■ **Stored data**
Segment Open
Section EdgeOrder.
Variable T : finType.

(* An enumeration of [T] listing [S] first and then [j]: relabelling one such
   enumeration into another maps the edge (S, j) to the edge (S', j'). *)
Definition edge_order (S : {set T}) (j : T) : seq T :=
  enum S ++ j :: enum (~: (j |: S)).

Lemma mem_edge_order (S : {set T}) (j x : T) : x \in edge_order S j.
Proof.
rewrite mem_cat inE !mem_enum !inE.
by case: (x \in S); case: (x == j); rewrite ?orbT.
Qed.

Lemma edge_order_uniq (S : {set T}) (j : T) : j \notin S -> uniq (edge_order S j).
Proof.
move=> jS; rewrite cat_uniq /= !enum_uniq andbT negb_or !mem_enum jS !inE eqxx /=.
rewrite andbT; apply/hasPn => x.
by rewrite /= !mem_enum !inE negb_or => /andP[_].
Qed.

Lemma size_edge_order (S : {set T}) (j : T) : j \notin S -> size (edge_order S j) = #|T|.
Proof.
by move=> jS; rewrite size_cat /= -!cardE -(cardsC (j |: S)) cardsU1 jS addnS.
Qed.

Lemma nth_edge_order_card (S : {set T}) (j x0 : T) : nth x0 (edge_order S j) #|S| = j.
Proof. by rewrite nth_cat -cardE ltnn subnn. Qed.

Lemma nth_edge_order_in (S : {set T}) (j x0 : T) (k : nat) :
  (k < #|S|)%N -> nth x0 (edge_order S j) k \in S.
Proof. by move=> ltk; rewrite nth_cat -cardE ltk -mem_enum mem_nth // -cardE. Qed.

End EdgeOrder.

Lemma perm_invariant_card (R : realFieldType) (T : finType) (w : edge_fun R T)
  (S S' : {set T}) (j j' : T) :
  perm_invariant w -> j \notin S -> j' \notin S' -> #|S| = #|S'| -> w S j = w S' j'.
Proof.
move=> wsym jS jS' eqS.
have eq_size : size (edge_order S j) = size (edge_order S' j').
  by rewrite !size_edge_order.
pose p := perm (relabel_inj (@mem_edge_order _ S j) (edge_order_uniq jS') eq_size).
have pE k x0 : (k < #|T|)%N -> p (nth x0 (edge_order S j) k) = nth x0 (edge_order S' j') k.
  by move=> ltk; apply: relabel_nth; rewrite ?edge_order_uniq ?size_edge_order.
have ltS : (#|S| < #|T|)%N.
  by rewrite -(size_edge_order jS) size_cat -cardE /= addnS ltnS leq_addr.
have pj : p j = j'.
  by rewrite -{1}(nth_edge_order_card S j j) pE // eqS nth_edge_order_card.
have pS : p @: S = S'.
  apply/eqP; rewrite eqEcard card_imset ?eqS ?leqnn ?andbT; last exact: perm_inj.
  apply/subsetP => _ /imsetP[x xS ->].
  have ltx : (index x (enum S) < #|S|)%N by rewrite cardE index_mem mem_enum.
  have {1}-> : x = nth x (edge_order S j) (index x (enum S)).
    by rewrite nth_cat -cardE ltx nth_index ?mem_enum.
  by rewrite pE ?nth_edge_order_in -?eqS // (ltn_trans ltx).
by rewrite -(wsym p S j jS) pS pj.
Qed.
Segment Closed
Segment Open
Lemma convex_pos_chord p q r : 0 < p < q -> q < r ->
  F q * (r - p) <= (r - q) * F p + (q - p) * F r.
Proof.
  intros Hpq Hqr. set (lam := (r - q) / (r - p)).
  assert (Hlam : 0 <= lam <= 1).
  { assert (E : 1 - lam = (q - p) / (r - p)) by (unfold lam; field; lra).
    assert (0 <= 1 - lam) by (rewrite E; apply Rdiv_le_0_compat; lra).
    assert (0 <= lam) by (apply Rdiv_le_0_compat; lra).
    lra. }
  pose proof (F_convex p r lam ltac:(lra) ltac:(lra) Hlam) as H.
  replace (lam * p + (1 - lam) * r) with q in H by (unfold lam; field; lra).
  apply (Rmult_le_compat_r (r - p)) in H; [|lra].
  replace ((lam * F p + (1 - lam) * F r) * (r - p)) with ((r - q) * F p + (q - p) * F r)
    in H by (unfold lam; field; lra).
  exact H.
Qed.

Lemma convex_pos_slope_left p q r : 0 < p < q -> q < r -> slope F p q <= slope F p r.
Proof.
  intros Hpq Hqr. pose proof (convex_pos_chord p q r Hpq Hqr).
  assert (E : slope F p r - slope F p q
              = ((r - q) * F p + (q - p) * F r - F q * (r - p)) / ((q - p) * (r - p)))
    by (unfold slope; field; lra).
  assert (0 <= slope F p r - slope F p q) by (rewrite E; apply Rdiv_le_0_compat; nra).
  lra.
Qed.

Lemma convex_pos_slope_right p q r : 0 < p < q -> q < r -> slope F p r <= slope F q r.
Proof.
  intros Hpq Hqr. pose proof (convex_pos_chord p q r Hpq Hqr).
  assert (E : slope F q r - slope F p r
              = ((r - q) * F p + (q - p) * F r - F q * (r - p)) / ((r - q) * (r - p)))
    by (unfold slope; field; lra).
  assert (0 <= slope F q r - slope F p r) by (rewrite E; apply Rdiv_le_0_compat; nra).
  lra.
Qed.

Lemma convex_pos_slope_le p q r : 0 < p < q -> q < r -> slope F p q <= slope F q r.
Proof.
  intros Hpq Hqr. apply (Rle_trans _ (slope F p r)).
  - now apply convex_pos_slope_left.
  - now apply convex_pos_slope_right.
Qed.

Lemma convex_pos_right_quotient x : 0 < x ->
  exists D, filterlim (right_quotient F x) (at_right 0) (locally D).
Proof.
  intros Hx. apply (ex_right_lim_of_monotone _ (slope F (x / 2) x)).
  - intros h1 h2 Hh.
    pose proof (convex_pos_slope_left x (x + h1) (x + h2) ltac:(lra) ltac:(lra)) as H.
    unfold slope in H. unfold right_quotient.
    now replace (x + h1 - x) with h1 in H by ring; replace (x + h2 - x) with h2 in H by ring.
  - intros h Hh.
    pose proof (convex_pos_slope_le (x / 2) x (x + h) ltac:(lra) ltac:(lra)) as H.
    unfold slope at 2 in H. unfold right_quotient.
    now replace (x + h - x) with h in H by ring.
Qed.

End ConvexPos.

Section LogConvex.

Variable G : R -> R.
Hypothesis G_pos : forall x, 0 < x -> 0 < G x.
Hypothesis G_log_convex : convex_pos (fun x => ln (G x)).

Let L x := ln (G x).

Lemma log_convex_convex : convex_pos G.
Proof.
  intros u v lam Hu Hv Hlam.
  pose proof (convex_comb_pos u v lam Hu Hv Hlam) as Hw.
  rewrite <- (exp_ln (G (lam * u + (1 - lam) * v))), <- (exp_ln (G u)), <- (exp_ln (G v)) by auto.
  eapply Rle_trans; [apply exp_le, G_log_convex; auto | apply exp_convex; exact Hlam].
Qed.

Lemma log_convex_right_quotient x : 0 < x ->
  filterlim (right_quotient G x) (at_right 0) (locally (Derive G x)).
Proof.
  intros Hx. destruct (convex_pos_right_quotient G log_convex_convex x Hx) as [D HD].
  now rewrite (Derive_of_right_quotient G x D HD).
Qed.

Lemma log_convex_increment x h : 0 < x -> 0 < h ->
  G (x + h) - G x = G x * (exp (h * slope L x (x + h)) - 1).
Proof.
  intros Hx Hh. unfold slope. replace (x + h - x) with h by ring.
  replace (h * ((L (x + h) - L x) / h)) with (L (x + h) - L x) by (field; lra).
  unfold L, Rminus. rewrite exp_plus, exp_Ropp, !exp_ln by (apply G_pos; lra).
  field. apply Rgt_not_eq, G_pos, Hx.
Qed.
Segment Closed
■ **What is expected**
Select the lines from the entries that include the word "move".

■ **Solution below**
move=> jS; rewrite cat_uniq /= !enum_uniq andbT negb_or !mem_enum jS !inE eqxx /=.
by move=> jS; rewrite size_cat /= -!cardE -(cardsC (j |: S)) cardsU1 jS addnS.
Proof. by move=> ltk; rewrite nth_cat -cardE ltk -mem_enum mem_nth // -cardE. Qed.
move=> wsym jS jS' eqS.
  by move=> ltk; apply: relabel_nth; rewrite ?edge_order_uniq ?size_edge_order.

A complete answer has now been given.